Definition valid (a : cform) : Prop := forall V w, sat V a w = true.

Lemma ceval_sat V a w : ceval (fun b => sat V b w) a = sat V a w.
Proof. induction a; simpl; try rewrite IHa1, IHa2; reflexivity. Qed.

Lemma forallb_ext (f g : W -> bool) : (forall u, f u = g u) -> forallb f worlds = forallb g worlds.
Proof. intros hfg; induction worlds as [|u l IH]; simpl; [|rewrite hfg, IH]; reflexivity. Qed.

Lemma sat_csubst V s a w : sat V (csubst s a) w = sat (fun n u => sat V (s n) u) a w.
Proof.
  revert w; induction a; intros w; simpl; try rewrite IHa1, IHa2;
    try (apply forallb_ext; intros u; rewrite IHa); reflexivity.
Qed.

Lemma valid_nec (rel : W -> W -> bool) a V w :
  valid a -> forallb (fun u => implb (rel w u) (sat V a u)) worlds = true.
Proof. intros ha; apply forallb_forall; intros u _; rewrite ha; apply implb_true_r. Qed.

Lemma ms4_ext_sound (Gc : cform -> Prop) :
  (forall a, ms4_axiom a -> valid a) -> (forall a, Gc a -> valid a) ->
  forall a, Gc ⊢ a -> valid a.
Proof.
  intros hax hGc a ha; induction ha; intros V w.
  - rewrite <- ceval_sat; apply H.
  - now apply hax.
  - now apply hGc.
  - specialize (IHha1 V w); specialize (IHha2 V w); simpl in IHha1.
    now rewrite IHha2 in IHha1.
  - rewrite sat_csubst; apply IHha.
  - now apply valid_nec.
  - now apply valid_nec.
Qed.

End FiniteKripkeSemantics.

Inductive world := Root | Top1 | Top2.

Definition three_worlds : list world := [Root; Top1; Top2].

Definition three_R (w u : world) : bool :=
  match w, u with
  | Root, _ => true
  | _, Root => false
  | _, _ => true
  end.

Definition three_E (w u : world) : bool :=
  match w, u with
  | Top1, Top1 => true
  | Top1, _ | _, Top1 => false
  | _, _ => true
  end.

◆ ◆ ◆ ◆ ◆

If a line in the records above has the word "apply", copy it.

    try (apply forallb_ext; intros u; rewrite IHa); reflexivity.
Proof. intros ha; apply forallb_forall; intros u _; rewrite ha; apply implb_true_r. Qed.
  - rewrite <- ceval_sat; apply H.
  - now apply hax.
  - now apply hGc.
  - rewrite sat_csubst; apply IHha.
  - now apply valid_nec.
  - now apply valid_nec.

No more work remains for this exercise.